Im Besitz Schorsch Kirners befindet sich nämlich schon seit Jahrzehnten ein ganz besonderer Gegenstand: das Gewehr des Girgl Jennerwein. Kirners Taufpatin Anni Jennerwein pflegte zu ihren Lebzeiten Kontakte zum Wirtshaus „Hennerer“ in Schliersee, wo die Wildschützen damals ein- und ausgingen. Eines Tages überreichte sie ihrem damals noch jungen Patensohn einen vergilbten Zettel, auf dem ein alter Heustadl im Leitzachtal eingezeichnet war sowie der Hinweis auf einen dort vom Wildschütz Jennerwein versteckten Gegenstand auf einem Sims. Und tatsächlich: Kirner fand ein altes Gewehr. Nähere Details verschwieg die Taufpatin jedoch. Sie verriet lediglich, dass sie das Gewehr von der Hennerer Lisl bekommen habe.

Geboren wurde Georg Jennerwein im Jahr 1848 in Haid bei Holzkirchen als Sohn einer armen Magd. Als junger Mann nahm er am Frankreich-Feldzug 1870/71 teil und kehrte zusammen mit seinem damaligen Freund und späteren Mörder Joseph Pföderl unversehrt in die Heimat zurück.

Der Pföderl ‒ ein Mörder?

Was war der Pföderl für ein Geselle? Schorsch Kirner und Hias Krinner zufolge war er ein mittelmäßiger Holzfuhrknecht aus Bad Tölz. Am Leonharditag, dem 6. November 1876, besuchte er ein Tölzer Wirtshaus, um sich dort mit seiner Angebeteten, dem „Agerl“ von der Sigrizalm, zu treffen und ihr einen Heiratsantrag zu machen. Dummerweise tauchte auch der schneidige Georg Jennerwein dort auf und machte dem „Agerl“ ebenfalls schöne Augen.
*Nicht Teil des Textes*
Lemma qpoch_n_bounds n s j : 0 < s < 1 -> (j <= n)%nat ->
  qpoch_partial s j <= qpoch_n n s j <= 1.
Proof.
  intros Hs. induction j as [|j IH]; intros Hjn; cbn [qpoch_n qpoch_partial]; [lra|].
  destruct (IH ltac:(lia)). pose proof (qpoch_n_factor_bounds n s j Hs Hjn).
  pose proof (qpoch_partial_pos s j Hs). pose proof (pow_S_bounds s j Hs).
  split; nra.
Qed.

Lemma qpoch_n_antimono n s m j : 0 < s < 1 -> (m <= j)%nat -> (j <= n)%nat ->
  qpoch_n n s j <= qpoch_n n s m.
Proof.
  intros Hs. induction 1 as [|j Hmj IH]; intros Hjn; [lra|].
  cbn [qpoch_n]. pose proof (IH ltac:(lia)).
  pose proof (qpoch_n_factor_bounds n s j Hs Hjn).
  pose proof (qpoch_n_bounds n s j Hs ltac:(lia)). pose proof (qpoch_partial_pos s j Hs).
  pose proof (pow_S_bounds s j Hs). nra.
Qed.

Lemma qpoch_n_le_partial n s m : 0 < s < 1 -> (m <= n)%nat ->
  qpoch_n n s m <= qpoch_partial s m + INR m * INR m / INR n.
Proof.
  intros Hs. induction m as [|m IH]; intros Hmn; cbn [qpoch_n qpoch_partial].
  - unfold Rdiv. rewrite !Rmult_0_l. lra.
  - assert (Hn : 0 < INR n) by (apply lt_0_INR; lia).
    specialize (IH ltac:(lia)).
    destruct (qpoch_n_bounds n s m Hs ltac:(lia)).
    pose proof (pow_S_bounds s m Hs). pose proof (pos_INR m).
    set (y := s ^ S m) in *. set (D := qpoch_n n s m) in *.
    replace (1 - y * (INR n - INR (S m)) / INR n) with ((1 - y) + y * (INR (S m) / INR n))
      by (field; lra).
    rewrite S_INR in *.
    assert (0 <= (INR m + 1) / INR n) by (apply Rdiv_le_0_compat; lra).
    assert (D * (1 - y) <= (qpoch_partial s m + INR m * INR m / INR n) * (1 - y))
      by (apply Rmult_le_compat_r; lra).
    assert (D * y * ((INR m + 1) / INR n) <= (INR m + 1) / INR n)
      by (rewrite <- (Rmult_1_l ((INR m + 1) / INR n)) at 2; apply Rmult_le_compat_r; nra).
    assert (INR m * INR m / INR n + (INR m + 1) / INR n
            <= (INR m + 1) * (INR m + 1) / INR n).
    { unfold Rdiv. rewrite <- Rmult_plus_distr_r.
      apply Rmult_le_compat_r; [left; apply Rinv_0_lt_compat, Hn | nra]. }
    assert (0 <= INR m * INR m / INR n) by (apply Rdiv_le_0_compat; nra).
    nra.
Qed.
(* There exists an absolute constant $C_1$ such that, with $\beta=C_1dH\sqrt{\iota}$ and $\iota=\log(4\log(|\mathcal A|)dT/p)$, the following holds for the algorithm below (run with $\lambda=1$ and $\alpha=\frac{\log(|\mathcal A|)K}{2(1+\xi+H)}$). For any fixed policy $\pi$, on the event $\mathcal E$ defined below, for all $(x,a)$, $k\in[K]$, $h\in[H]$ and $j\in\{r,g\}$, $$\langle\phi(x,a),w^k_{j,h}\rangle-Q^\pi_{j,h}(x,a)=\mathbb P_h(V^k_{j,h+1}-V^\pi_{j,h+1})(x,a)+\Delta^k_h(x,a)$$ for some $\Delta^k_h(x,a)$ with $|\Delta^k_h(x,a)|\le\beta\sqrt{\phi(x,a)^\top(\Lambda^k_h)^{-1}\phi(x,a)}$.
   Context: Setting. Consider an episodic constrained MDP with: - a measurable state space $\mathcal S$ and a finite action set $\mathcal A$ with $|\mathcal A|\ge 2$; - horizon $H$ and transition kernels $\mathbb P_h(\cdot|x,a)$; - deterministic reward and utility functions $r_h,g_h:\mathcal S\times\mathcal A\to[0,1]$, with $r_{H+1}=g_{H+1}=0$; - a fixed initial state $x_1$. For a policy $\pi$ and $j\in\{r,g\}$, $V^\pi_{j,h}(x)=\mathbb E_\pi[\sum_{i=h}^Hj_i(x_i,a_i)\mid x_h=x]$ and $Q^\pi_{j,h}(x,a)=\mathbb E_\pi[\sum_{i=h}^Hj_i(x_i,a_i)\mid x_h=x,a_h=a]$, with $V^\pi_{j,H+1}=0$. Write $\mathbb P_hV(x,a)=\mathbb E_{x'\sim\mathbb P_h(\cdot|x,a)}V(x')$. Linear MDP assumption: there are - a known feature map $\phi$ into $\mathbb R^d$ with $\|\phi\|_2\le1$; - signed measures $\mu_h=(\mu^1_h,\ldots,\mu^d_h)$; - vectors $\theta_{j,h}$ with $\|\theta_{j,h}\|_2\le\sqrt d$; such that $\mathbb P_h(dx'|x,a)=\langle\phi(x,a),\mu_h(dx')\rangle$ and $j_h=\langle\phi,\theta_{j,h}\rangle$. Moreover $\|\int f\,d\mu_h\|_2\le\sqrt d\sup|f|$. Constraint threshold $b\in(0,H]$. Slater's condition: there exist $\gamma>0$ and $\bar\pi$ with $V^{\bar\pi}_{g,1}(x_1)\ge b+\gamma$. Set $\xi=2H/\gamma$. Algorithm (number of episodes $K$, $T=KH$, parameters $\lambda,\beta,\alpha,\eta>0$). Set $Y_1=0$. In episode $k$: 1. Set $V^k_{j,H+1}=0$. 2. For $h=H,\dots,1$ compute: - $\Lambda^k_h=\sum_{\tau<k}\phi(x^\tau_h,a^\tau_h)\phi(x^\tau_h,a^\tau_h)^\top+\lambda I$; - $w^k_{j,h}=(\Lambda^k_h)^{-1}\sum_{\tau<k}\phi(x^\tau_h,a^\tau_h)[j_h(x^\tau_h,a^\tau_h)+V^k_{j,h+1}(x^\tau_{h+1})]$; - $Q^k_{j,h}(x,a)=\min\{\langle w^k_{j,h},\phi(x,a)\rangle+\beta\sqrt{\phi(x,a)^\top(\Lambda^k_h)^{-1}\phi(x,a)},H\}$; - $\pi_{h,k}(a|x)\propto\exp(\alpha(Q^k_{r,h}(x,a)+Y_kQ^k_{g,h}(x,a)))$; - $V^k_{j,h}(x)=\sum_a\pi_{h,k}(a|x)Q^k_{j,h}(x,a)$. 3. Execute $\pi_k$ from $x_1$ to obtain $(x^k_h,a^k_h)_h$. 4. Update $Y_{k+1}=\max\{\min\{Y_k+\eta(b-V^k_{g,1}(x_1)),\xi\},0\}$. The event $\mathcal E$: for all $k,h,j$, $$\|\sum_{\tau=1}^{k-1}\phi(x^\tau_h,a^\tau_h)[V^k_{j,h+1}(x^\tau_{h+1})-\mathbb P_hV^k_{j,h+1}(x^\tau_h,a^\tau_h)]\|_{(\Lambda^k_h)^{-1}}\le C_2dH\sqrt{\chi},$$ where $\chi=\log[4(C_1+1)\log(|\mathcal A|)dT/p]$, $C_2$ is a fixed constant, and $\|v\|_M=\sqrt{v^\top Mv}$. *)

From HB Require Import structures.
From mathcomp Require Import all_boot all_order all_algebra.
From mathcomp Require Import all_classical all_reals all_analysis.
Set Implicit Arguments. Unset Strict Implicit. Unset Printing Implicit Defensive.
Import Order.TTheory GRing.Theory Num.Theory.
Local Open Scope ring_scope.

Section LinearCMDP.
Context {R : realType} {dS : measure_display} {S : measurableType dS}
  {A : finType} {dim : nat}.

Definition dotv (u v : 'cV[R]_dim) : R := (u^T *m v) 0 0.
Definition normv (u : 'cV[R]_dim) : R := Num.sqrt (dotv u u).
Definition mxnorm (M : 'M[R]_dim) (v : 'cV[R]_dim) : R :=
  Num.sqrt ((v^T *m M *m v) 0 0).

(** Transition kernels P_h(.|x,a), h = 1..H. *)
Definition kernel_t := nat -> S -> A -> probability S R.

Definition PV (P : kernel_t) (h : nat) (V : S -> R) (x : S) (a : A) : R :=
  fine (\int[P h x a]_y (V y)%:E)%E.

(** A vector of finite signed measures mu_h = (mu_h^1,...,mu_h^dim), each
    mu_h^i given by its decomposition mu_h^i = mup h i - mun h i as a
    difference of two finite measures. *)
Definition fmeas_t := nat -> 'I_dim -> {finite_measure set S -> \bar R}.

Definition smeas (mup mun : fmeas_t) (h : nat) (i : 'I_dim) (B : set S) : R :=
  fine (mup h i B) - fine (mun h i B).

Definition sint (mup mun : fmeas_t) (h : nat) (f : S -> R) : 'cV[R]_dim :=
  \col_i (fine (\int[mup h i]_y (f y)%:E)%E - fine (\int[mun h i]_y (f y)%:E)%E).

Definition is_policy (H : nat) (pi : nat -> S -> A -> R) : Prop :=
  forall h, (1 <= h <= H)%N ->
    [/\ (forall x a, 0 <= pi h x a),
        (forall x, \sum_a pi h x a = 1) &
        (forall a, measurable_fun setT (fun x => pi h x a))].

(** Vpol_aux m h = value at step h with m remaining steps. *)
Fixpoint Vpol_aux (P : kernel_t) (pi : nat -> S -> A -> R)
    (j : nat -> S -> A -> R) (m h : nat) : S -> R :=
  match m with
  | 0 => fun _ => 0
  | m'.+1 => fun x =>
      \sum_a pi h x a * (j h x a + PV P h (Vpol_aux P pi j m' h.+1) x a)
  end.

Definition Vpol P pi j (H h : nat) : S -> R := Vpol_aux P pi j (H.+1 - h) h.
Definition Qpol P pi j (H h : nat) (x : S) (a : A) : R :=
  j h x a + PV P h (Vpol P pi j H h.+1) x a.

Section Algorithm.
Variables (phi : S -> A -> 'cV[R]_dim)
  (rw ut : nat -> S -> A -> R)
  (H : nat) (lam beta alpha eta b xi : R) (x1 : S)
  (xs : nat -> nat -> S) (acts : nat -> nat -> A).
(* xs tau h = x^tau_h, acts tau h = a^tau_h : observed data of episode tau. *)

Definition feat (tau h : nat) : 'cV[R]_dim := phi (xs tau h) (acts tau h).

Definition Lam (k h : nat) : 'M[R]_dim :=
  \sum_(1 <= tau < k) (feat tau h *m (feat tau h)^T) + lam%:M.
Es kam, wie es kommen musste: Das Agerl entschied sich für den feurigen Wildschütz und ließ den armen Pföderl links liegen.

Ein Jahr später, Pföderl arbeitete inzwischen als Jagdgehilfe, erfuhr er, dass „sein Agerl“ ein Kind mit dem Erzfeind Jennerwein hatte und dieser immer noch als Wilderer in den heimischen Bergen sein Unwesen trieb. Pföderl schmiedete finstere Rachepläne und hoffte, den Girgl einmal auf frischer Tat zu ertappen. Die Wildschützen und Jäger trafen sich damals gern beim „Hennerer“ in Schliersee, der auch heute noch ein beliebtes Ausflugsziel am Fuße der Schlierseer Berge ist. Bei ihrem letzten Aufeinandertreffen provozierte Jennerwein den Pföderl auf unverschämte Art und gab damit dessen Wut neue Nahrung.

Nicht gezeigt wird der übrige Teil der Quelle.